Long Beach Island Real Estate

Tax Reform and the LBI NJ real estate market are two very important topics for all buyers and sellers on Long Beach Island to be concerned with. The recent changes to the tax law specifically have elements that can target the Northeast (New York, New Jersey, Connecticut) areas. Most notable are the changes tot he property tax deductions which have caused some to speculate there will be a drop in real estate values. That initial fear certainly had spilled over to the LBI real estate market but now that the real facts of the law are out and being digested the reaction has softened significantly. There are many other positive factors that seem to point to the LBI real estate market staying strong.

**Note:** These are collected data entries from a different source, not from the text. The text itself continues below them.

Lemma isum_z_blocks c d : isum z (a c) (b d) =
  alpha * isum lam c d + \sum_(0 <= k < N) (if (c <= k <= d)%N then lam k * dev k else 0).
Proof.
rewrite isum_z (isum_trunc _ _ lam_supp) big_distrr -big_split /=.
apply: eq_big_nat => k _; case: (boolP (c <= k <= d)%N) => [/andP[ck kd]|].
  by rewrite isum_y_cover ?a_homo ?b_homo // /dev; ring.
rewrite negb_and -!ltnNge => out; rewrite isum_y_out ?mulr0 ?addr0 //.
by case/orP: out => /b_lt_a ->; rewrite ?orbT.
Qed.

Lemma lower_jsumsq eps s : 0 < eps -> intervals_ok s ->
  eps * alpha ^+ 2 * jsumsq e s <= eps * (1 + eps) * Z + (1 + eps) * (E * delta ^+ 2).
Proof.
move=> eps_gt0 sok; case/andP: (sok) => le_s disj_s.
pose t := [seq (a p.1, b p.2) | p <- s].
have tok : intervals_ok t.
  rewrite /intervals_ok all_map pairwise_map; apply/andP; split.
    by apply/allP => p /(allP le_s) /a_homo ap; exact: leq_trans ap (le_ab _).
  by apply: sub_pairwise disj_s => p q /orP[] /b_lt_a /= ->; rewrite ?orbT.
pose D p := \sum_(0 <= k < N) (if (p.1 <= k <= p.2)%N then lam k * dev k else 0).
have sqr_le p : eps * alpha ^+ 2 * isum lam p.1 p.2 ^+ 2 <=
    eps * (1 + eps) * isum z (a p.1) (b p.2) ^+ 2 + (1 + eps) * D p ^+ 2.
  rewrite isum_z_blocks -/(D p); set X := isum lam p.1 p.2.
  (* the difference of the two sides is (eps (alpha X + D p) + D p)^2 *)
  have := sqr_ge0 (eps * (alpha * X + D p) + D p); nra.
have sum_le : eps * alpha ^+ 2 * jsumsq e s <=
    eps * (1 + eps) * jsumsq z t + (1 + eps) * \sum_(p <- s) D p ^+ 2.
  rewrite /jsumsq big_map !big_distrr -big_split /=; apply: ler_sum => p _.
  by rewrite -/(isum e _ _) isum_e -/(isum z _ _).
apply: le_trans sum_le _; apply: lerD; apply: ler_wpM2l.
- by apply: mulr_ge0; lra.
- exact: jsumsq_le_sup inJ_z tok.
- lra.
- by apply: sumsq_dev_cover_le => k; exact: count_itv_disjoint_contain.
Qed.

Lemma lower_sup eps : 0 < eps -> alpha != 0 ->
  eps * alpha ^+ 2 * E <= eps * (1 + eps) * Z + (1 + eps) * (E * delta ^+ 2).
Proof.
move=> eps_gt0 alpha_neq0.
have c_gt0 : 0 < eps * alpha ^+ 2 by rewrite mulr_gt0 // exprn_even_gt0.
rewrite mulrC -ler_pdivlMr //; apply: sup_jset_le => s sok.
by rewrite ler_pdivlMr // mulrC; exact: lower_jsumsq.
Qed.

Let covers (p : nat * nat) k := (p.1 <= a k)%N && (b k <= p.2)%N.
Let covered_sum p := \sum_(0 <= k < N) (if covers p k then lam k else 0).
Let covered_dev p := \sum_(0 <= k < N) (if covers p k then lam k * dev k else 0).
Let partial p k := if covers p k then 0 else isum (y k) p.1 p.2.

Lemma isum_z_split p : isum z p.1 p.2 =
  alpha * covered_sum p + covered_dev p + \sum_(0 <= k < N) lam k * partial p k.
Proof.
rewrite isum_z big_distrr -!big_split /=; apply: eq_bigr => k _.
rewrite /partial; case: (boolP (covers p k)) => [/andP[ca bd]|_]; last by rewrite !mulr0 !add0r.
by rewrite isum_y_cover // /dev; ring.
Qed.

(* A block not covered by [p] meets [p] only if it straddles one of its two ends,
   and distinct blocks straddle distinct ends. *)
Lemma sqr_sum_partial_le p : (\sum_(0 <= k < N) lam k * partial p k) ^+ 2
  <= 2 * \sum_(0 <= k < N) (lam k * partial p k) ^+ 2.
Proof.
have straddle_right k :
    ~~ (a k < p.1 <= b k)%N -> lam k * partial p k != 0 -> (a k <= p.2 < b k)%N.
  rewrite /partial => notL; case: ifP => [_|notcov]; first by rewrite mulr0 eqxx.
  case: (leqP (a k) p.2) => [ap|pa]; last by rewrite isum_y_out ?pa // mulr0 eqxx.
  case: (leqP p.1 (b k)) => [pb|bp]; last by rewrite isum_y_out ?bp ?orbT // mulr0 eqxx.
  move=> _; move: notL notcov; rewrite /covers pb andbT -leqNgt => pa.
  by rewrite pa /= => /negbT; rewrite -ltnNge => ->.
apply: (@sqr_sum_two_disjoint _ _ _ (fun k => (a k < p.1 <= b k)%N)) => k j kj /=.
  move=> /andP[ak kb] /andP[aj jb]; exfalso.
  by move: kj; rewrite neq_ltn => /orP[] /b_lt_a; lia.
move=> Lk Lj; apply/eqP; apply: contraT; rewrite mulf_eq0 negb_or => /andP[/(straddle_right _ Lk)].
case/andP=> ak kb /(straddle_right _ Lj) /andP[aj jb].
by move: kj; rewrite neq_ltn => /orP[] /b_lt_a; have := le_ab k; have := le_ab j; lia.
Qed.

Lemma sumsq_covered_dev_le s : intervals_ok s -> \sum_(p <- s) covered_dev p ^+ 2 <= E * delta ^+ 2.
Proof.
case/andP=> _ disj; apply: sumsq_dev_cover_le => k.
exact: count_itv_disjoint_contain (le_ab k) disj.
Qed.

Lemma sumsq_partial_le s : intervals_ok s ->
  \sum_(p <- s) \sum_(0 <= k < N) (lam k * partial p k) ^+ 2 <= E * (beta + delta) ^+ 2.
Proof.
move=> sok; rewrite exchange_big /=.
apply: le_trans (_ : \sum_(0 <= k < N) lam k ^+ 2 * (beta + delta) ^+ 2 <= _); last first.
  by rewrite -big_distrl /= ler_wpM2r ?sqr_ge0 ?sumsq_lam_le.
apply: ler_sum => k _; under eq_bigr do rewrite exprMn.
rewrite -big_distrr /= ler_wpM2l ?sqr_ge0 //.
have jnorm_ge0 : 0 <= jnorm (y k) by exact: sqrtr_ge0.
have sup_le : sup (jset (y k)) <= (beta + delta) ^+ 2.
  by rewrite -sqr_jnorm // lerXn2r ?nnegrE ?jnorm_y //; exact: le_trans (jnorm_y k).
apply: le_trans sup_le; apply: le_trans (jsumsq_le_sup (y_inJ k) sok); apply: ler_sum => p _.
by rewrite /partial; case: ifP => _ //; rewrite expr0n sqr_ge0.
Qed.

Let first_ge c := find (fun k => (c <= a k)%N) (iota 0 N).
Let first_gt d := find (fun k => (d < b k)%N) (iota 0 N).

Lemma covers_index p k : (k < N)%N -> covers p k = (first_ge p.1 <= k < first_gt p.2)%N.
Proof.
move=> kN; rewrite /covers (find_iota_homo (P := fun k => (p.1 <= a k)%N) _ kN); last first.
  by move=> i j /a_homo ij ci; exact: leq_trans ci ij.
congr andb; rewrite leqNgt (find_iota_homo (P := fun k => (p.2 < b k)%N) _ kN) -?ltnNge //.
by move=> i j /b_homo ij di; exact: leq_trans di ij.
Qed.

Lemma first_gt_le d : (first_gt d <= N)%N.
Proof. by have := find_size (fun k => (d < b k)%N) (iota 0 N); rewrite size_iota. Qed.

Lemma first_gt_pred_lt c d : (d < c)%N -> (0 < first_gt d)%N -> ((first_gt d).-1 < first_ge c)%N.
Proof.
move=> dc gt_pos; have kN : ((first_gt d).-1 < N)%N by have := first_gt_le d; lia.
have bd : (b (first_gt d).-1 <= d)%N.
  rewrite leqNgt (find_iota_homo (P := fun k => (d < b k)%N) _ kN) -?ltnNge.
    by rewrite prednK.
  by move=> i j /b_homo ij di; exact: leq_trans di ij.
rewrite ltnNge -(find_iota_homo (P := fun k => (c <= a k)%N) _ kN).
  by have := le_ab (first_gt d).-1; lia.
by move=> i j /a_homo ij ci; exact: leq_trans ci ij.
Qed.

(* The blocks covered by pairwise disjoint intervals form pairwise disjoint
   intervals of indices, so the covered sums of [lam] are interval sums of [e]. *)
Lemma sumsq_covered_sum_le s : intervals_ok s -> \sum_(p <- s) covered_sum p ^+ 2 <= E.
Proof.
case/andP=> _ disj.
pose P := [pred p : nat * nat | first_ge p.1 < first_gt p.2]%N.
have covered_isum p : covered_sum p = if P p then isum lam (first_ge p.1) (first_gt p.2).-1 else 0.
  rewrite /covered_sum /=; case: ifP => Pp.
    rewrite (isum_trunc _ _ lam_supp); apply: eq_big_nat => k /andP[_ kN].
    by rewrite covers_index //; congr (if _ then _ else _); apply/idP/idP; lia.
  rewrite big_nat_cond big1 // => k /andP[/andP[_ kN] _].
  by rewrite covers_index //; case: ifP => // /andP[]; move/negbT: Pp; lia.
pose t := [seq (first_ge p.1, (first_gt p.2).-1) | p <- [seq p <- s | P p]].
have tok : intervals_ok t.
  rewrite /intervals_ok all_map pairwise_map; apply/andP; split.
    by rewrite all_filter; apply/allP => p _ /=; apply/implyP; lia.
  apply: (sub_in_pairwise _ (filter_all P s) (pairwise_filter P disj)).
  move=> p q; rewrite !inE => Pp Pq /orP[] ?; apply/orP; [left|right];
    by apply: first_gt_pred_lt => //; lia.
have -> : \sum_(p <- s) covered_sum p ^+ 2 = jsumsq e t.
  rewrite /jsumsq big_map big_filter [RHS]big_mkcond /=; apply: eq_bigr => p _.
  by rewrite covered_isum /=; case: ifP => _; rewrite ?expr0n // -/(isum e _ _) isum_e.
exact: jsumsq_le_sup inJ_e tok.
Qed.

Lemma upper_jsumsq s : intervals_ok s ->
  jsumsq z s <= 4 * (alpha ^+ 2 * E + E * delta ^+ 2 + E * (beta + delta) ^+ 2).
Proof.
move=> sok; pose Q p := \sum_(0 <= k < N) (lam k * partial p k) ^+ 2.
have sqr_le p : isum z p.1 p.2 ^+ 2 <=
    4 * alpha ^+ 2 * covered_sum p ^+ 2 + 4 * covered_dev p ^+ 2 + 4 * Q p.
  rewrite isum_z_split; have := sqr_sum_partial_le p; rewrite -/(Q p).
  set r := \sum_(0 <= k < N) lam k * partial p k.
  have := sqr_ge0 (alpha * covered_sum p + covered_dev p - r).
  have := sqr_ge0 (alpha * covered_sum p - covered_dev p); nra.
apply: le_trans (_ : \sum_(p <- s) (4 * alpha ^+ 2 * covered_sum p ^+ 2 + 4 * covered_dev p ^+ 2 +
    4 * Q p) <= _); first by apply: ler_sum => p _; exact: sqr_le.
rewrite !big_split /= -!big_distrr /=.
have := sumsq_covered_sum_le sok; have := sumsq_covered_dev_le sok; have := sumsq_partial_le sok.
have := sqr_ge0 alpha; nra.
Qed.

Lemma upper_sup : Z <= 4 * (alpha ^+ 2 * E + E * delta ^+ 2 + E * (beta + delta) ^+ 2).
Proof. by apply: sup_jset_le => s; exact: upper_jsumsq. Qed.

Tax Reform and the LBI NJ Real Estate Market

Despite the impact on homebuyers of the tax reforms, economists are confident it will benefit the housing market. This seems to be the case on Long Beach Island as well. That’s because they predict that the positive impact for businesses will mean a boost for the economy and for jobs, handing the housing market new entrants and confident consumers. “We expect that tax reform will boost GDP growth to 2.6% in 2018, and this added economic activity will also bode well for housing, although there will be some transition effects in high-tax jurisdictions,” said NAHB Chief Economist Robert Dietz. “Ongoing job creation, expected wage increases and tight existing home inventory will also boost the housing market in the year ahead.” Not that it will be an easy time ahead for builders with shortages of labor and lots still challenging their ability to meet demand. The panel at a NAMB conference forecast that there will be 1.21 million housing starts with production up 2.7% year-over-year to 1.25 million units. Single-family starts will gain 5% this year and in 2019 to 893,000 and 940,000 respectively. Multifamily starts will decline 1.6% to 354,000 this year (from 360,000 projected for 2017). “Rates on home loans are expected to rise from 4 percent to 4.5 percent by the end of year,” said David Berson, senior vice president and chief economist at Nationwide Insurance “However, housing demand remains strong and wages are solid, and this will more than offset the negative effects from rising rates.” Source: The NAMB. While much of this data relates to the national real estate market, which to be fair is very different from the LBI real estate market, the overall positive theme is what we like to see!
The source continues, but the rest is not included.